Overheard: "his girlfriend fucks him with the lights off. It's not serious."
lmfao. well really. it's not love if you cringe at the site of his anus.
He told me he had more lines than a plaid shirt
My mom is wearing Ed Hardy. There aren't words.
She made me add her as a friend on fb before she got into my bed... I sense a stalker
Ok just don't go to jail. I saw your account balance. It can't take that.
how the fuck is Katelyn 5'1" and 85 lbs and she tackled a bouncer to the ground?
Omg, looked at my call history, and judging by the times of calls it took me like half hour to walk home frommcds
We are stranded. Come find us. Bring an egg
In her drunkenness, she packed a bag with tequila, two shot glasses, salt, a knife, and two pears. She was prepared but too high to distinguish pears from limes.
Does buying my brother condoms for Christmas say "keep having sex with her, I like her" or "dear god, do not get this girl pregnant"?
On the food pyramid big dick are "sometimes foods"
There is a check pinned to the wall at Connor's. It's a check I wrote for $1,000,000... To you.

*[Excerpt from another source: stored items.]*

Lemma extinction_uniform : certain_extinction p ->
  forall eta : R, (0 < eta)%R -> exists N, forall n, (N <= n)%N ->
  forall s, unit_cube s -> forall i, (1 - pgfn p n s i <= eta)%R.
Proof.
move=> ext eta eta0; have [B B0 MB] := Mi_bounded.
have B1 : (0 < B + 1)%R by rewrite ltr_wpDl.
pose e := (eta / (2 * (B + 1)))%R.
have e0 : (0 < e)%R by rewrite divr_gt0 ?mulr_gt0.
have [N /(_ N (leqnn N)) tailN] := type_tail_small e0.
have [n0 near_types] := extinction_finite_types ext N.+1 e0.
exists n0.+1 => -[//|n] n_ge s s01 i /=.
have t01 := pgfn_cube p0 p1 n s01.
have near j : (j <= N)%N -> (1 - pgfn p n s j <= e)%R.
  move=> jN; apply: le_trans (near_types n n_ge j jN).
  rewrite lerD2l lerN2; apply: (le_pgfn p0 p1) => // [|k]; first exact: cst0_cube.
  by case/andP: (s01 k).
have t_in01 j : (0 <= 1 - pgfn p n s j <= 1)%R.
  by case/andP: (t01 j) => ? ?; apply/andP; split; lra.
have le_eB : (e + e)%:E * Mi p i <= (e + e)%:E * B%:E.
  apply: lee_wpmul2l; [by rewrite lee_fin addr_ge0 ?ltW | exact: MB].
have := le_trans (one_sub_pgf_le p0 p1 i t01)
  (le_trans (esum_Mij_mul_le (ltW e0) (ltW e0) t_in01 near (tailN i)) le_eB).
rewrite -EFinM lee_fin => /le_trans; apply.
have -> : ((e + e) * B = eta * (B / (B + 1)))%R by rewrite /e; field; rewrite gt_eqF.
by rewrite ler_piMr ?ltW //; rewrite ltr_pdivrMr // mul1r ltrDl.
Qed.

End uniform_extinction.

Section survival.
Variables (R : realType) (p : nat -> seq nat -> R).
Hypothesis p0 : forall i z, (0 <= p i z)%R.
Hypothesis p1 : forall i, (\esum_(z in [set: seq nat]) (p i z)%:E = 1)%E.
Implicit Types (i j k : nat).

Definition survival j : R := inf [set 1 - pgfn p n (cst 0) j | n in [set: nat]].

Lemma survival_le n j : survival j <= 1 - pgfn p n (cst 0) j.
Proof.
apply: ge_inf; last by exists n.
exists 0 => _ [m _ <-]; case/andP: (pgfn_cube p0 p1 m cst0_cube j) => _.
by rewrite subr_ge0.
Qed.

Lemma survival_ge j c : (forall n, c <= 1 - pgfn p n (cst 0) j) -> c <= survival j.
Proof.
by move=> c_le; apply: lb_le_inf => [|_ [n _ <-]]; [exists (1 - pgfn p 0 (cst 0) j), 0%N|].
Qed.

Lemma survival_in01 j : 0 <= survival j <= 1.
Proof.
rewrite survival_ge => [|n]; last first.
  by case/andP: (pgfn_cube p0 p1 n cst0_cube j) => _; rewrite subr_ge0.
by rewrite (le_trans (survival_le 0 j)) //= lerBlDr lerDl.
Qed.

(* If a type-[k] particle can have a type-[j] child, type [k] survives at
   least with the probability of that offspring vector times [survival j]. *)
Lemma survival_gt0_Mij k j : (0 < Mij p k j)%E -> 0 < survival j -> 0 < survival k.
Proof.
move=> Mkj qj.
have [z _] : exists2 z, [set: seq nat] z & (0 < (p k z * (Zcnt z j)%:R)%:E)%E.
  by apply: esum_gt0_ex Mkj => z; rewrite lee_fin mulr_ge0.
rewrite lte_fin => pz_gt0; have pz0 : 0 < p k z.
  by rewrite lt_def p0 andbT; apply: contraTneq pz_gt0 => ->; rewrite mul0r ltxx.
have zj : (0 < Zcnt z j)%N.
  by rewrite lt0n; apply: contraTneq pz_gt0 => ->; rewrite mulr0 ltxx.
have jz : (j < size z)%N.
  by rewrite ltnNge; apply: contraTN zj => /(nth_default 0%N); rewrite /Zcnt => ->.
have pz1 : p k z <= 1.
  by have := expect_ge_term p0 k z (fun=> ler01); rewrite (expect_cst p0 p1) // mulr1 lee_fin.
apply: lt_le_trans (mulr_gt0 pz0 qj) (survival_ge _) => -[|n].
  by case/andP: (survival_in01 j) => q0 q1; rewrite /cst /= subr0 mulr_ile1 // ltW.
have t01 := pgfn_cube p0 p1 n (@cst0_cube R).
rewrite -lee_fin /= (one_sub_pgf_expect p0 p1) //.
apply: le_trans (expect_ge_term p0 k z _) => [|y]; last first.
  by case/andP: (monomial_in01 y t01) => _; rewrite subr_ge0.
rewrite lee_fin ler_wpM2l // (le_trans (survival_le n j)) // lerD2l lerN2.
exact: monomial_le_factor.
Qed.

Lemma survival_gt0_Mn n i j : (0 < Mn p n i j)%E -> 0 < survival j -> 0 < survival i.
Proof.
elim: n j => [|n IH] j /=; first by case: eqP => [->//|_]; rewrite ltxx.
move=> Mij_gt0 qj.
have [k _ Mk_gt0] : exists2 k, [set: nat] k & (0 < Mn p n i k * Mij p k j)%E.
  by apply: esum_gt0_ex Mij_gt0 => k; rewrite mule_ge0 ?Mn_ge0 ?Mij_ge0.
apply: (IH k); last apply: survival_gt0_Mij qj.
- by rewrite lt_def Mn_ge0 // andbT; apply: contraTneq Mk_gt0 => ->; rewrite mul0e ltxx.
- by rewrite lt_def Mij_ge0 // andbT; apply: contraTneq Mk_gt0 => ->; rewrite mule0 ltxx.
Qed.

End survival.

Lemma ereal_nat_mul_bounded_eq0 (R : realType) (X : \bar R) (c : R) :
  (0 <= X)%E -> (forall N : nat, (N%:R%:E * X <= c%:E)%E) -> X = 0%E.
Proof.
case: X => [x| |] // x0 bounded; last by have := bounded 1%N; rewrite mul1e leye_eq.
rewrite lee_fin in x0; congr _%:E; apply/eqP; rewrite eq_le x0 andbT leNgt.
apply/negP => x_gt0; have := bounded (Num.truncn (c / x)).+1.
by rewrite -EFinM lee_fin -ler_pdivlMr // leNgt truncnS_gt.
Qed.

Section lyapunov.
Variables (R : realType) (p : nat -> seq nat -> R).
Hypothesis p0 : forall i z, (0 <= p i z)%R.
Hypothesis p1 : forall i, (\esum_(z in [set: seq nat]) (p i z)%:E = 1)%E.
Variable v : nat -> R.
Hypothesis v_gt0 : forall j, (0 < v j)%R.
Hypothesis v_left_eigen :
  forall j, (\esum_(i in [set: nat]) ((v i)%:E * Mij p i j) = (v j)%:E)%E.
Hypothesis v_sum1 : (\esum_(j in [set: nat]) (v j)%:E = 1)%E.
Local Open Scope ereal_scope.
Implicit Types (s : nat -> R).

Let v_ge0 i : 0 <= (v i)%:E. Proof. by rewrite lee_fin ltW. Qed.

Definition lyapunov s : \bar R := \esum_(i in [set: nat]) ((v i)%:E * (1 - s i)%:E).

Lemma lyapunov_ge0 s : unit_cube s -> 0 <= lyapunov s.
Proof.
move=> s01; apply: esum_ge0 => i _; rewrite mule_ge0 // lee_fin subr_ge0.
by case/andP: (s01 i).
Qed.

Lemma lyapunov_cst0 : lyapunov (cst 0%R) = 1.
Proof. by rewrite -v_sum1; apply: eq_esum => i _; rewrite /= subr0 mule1. Qed.

(* [v M = v] turns the linear part of [pgf_linearization] into [lyapunov s]. *)
Lemma lyapunov_pgf s : unit_cube s ->
  lyapunov (pgf p s) + \esum_(i in [set: nat]) ((v i)%:E * pgf_remainder p i s) = lyapunov s.
Proof.
move=> s01; have a0 j : (0 <= 1 - s j)%R by case/andP: (s01 j); rewrite subr_ge0.
have b0 i : (0 <= 1 - pgf p s i)%R by case/andP: (pgf_in01 p0 p1 i s01); rewrite subr_ge0.
have M0 i j : 0 <= Mij p i j * (1 - s j)%:E by rewrite mule_ge0 ?(Mij_ge0 p0) ?lee_fin.
have R0 i := pgf_remainder_ge0 p0 i s01.
rewrite /lyapunov -esumD => [|i _|i _]; last 2 first.
- by rewrite mule_ge0 ?v_ge0 ?lee_fin.
- by rewrite mule_ge0 ?v_ge0.
transitivity (\esum_(i in [set: nat]) \esum_(j in [set: nat])
  ((v i)%:E * (Mij p i j * (1 - s j)%:E))).
  apply: eq_esum => i _; rewrite -ge0_muleDr ?lee_fin //.
  by rewrite (pgf_linearization p0 p1) // esumZl ?ltW.
rewrite exchange_esum => [|i j]; last by rewrite mule_ge0 ?v_ge0.
apply: eq_esum => j _; under eq_esum do rewrite muleA.
rewrite esumZr ?a0 // => [|i]; first by rewrite v_left_eigen.
by rewrite mule_ge0 ?v_ge0 ?(Mij_ge0 p0).
Qed.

Clearly you made out well on St. Patrick's day. Thanks for being too shitfaced to remember to grab that.
Whelp, I woke up on the front lawn this morning. I have got to stop wearing these underwear. Every time I do, I end up puking in someone's greenery.
My prof handed me back my essay on Lesbians in literature, gave me an A and then we had sex in her office. Told you she was gay.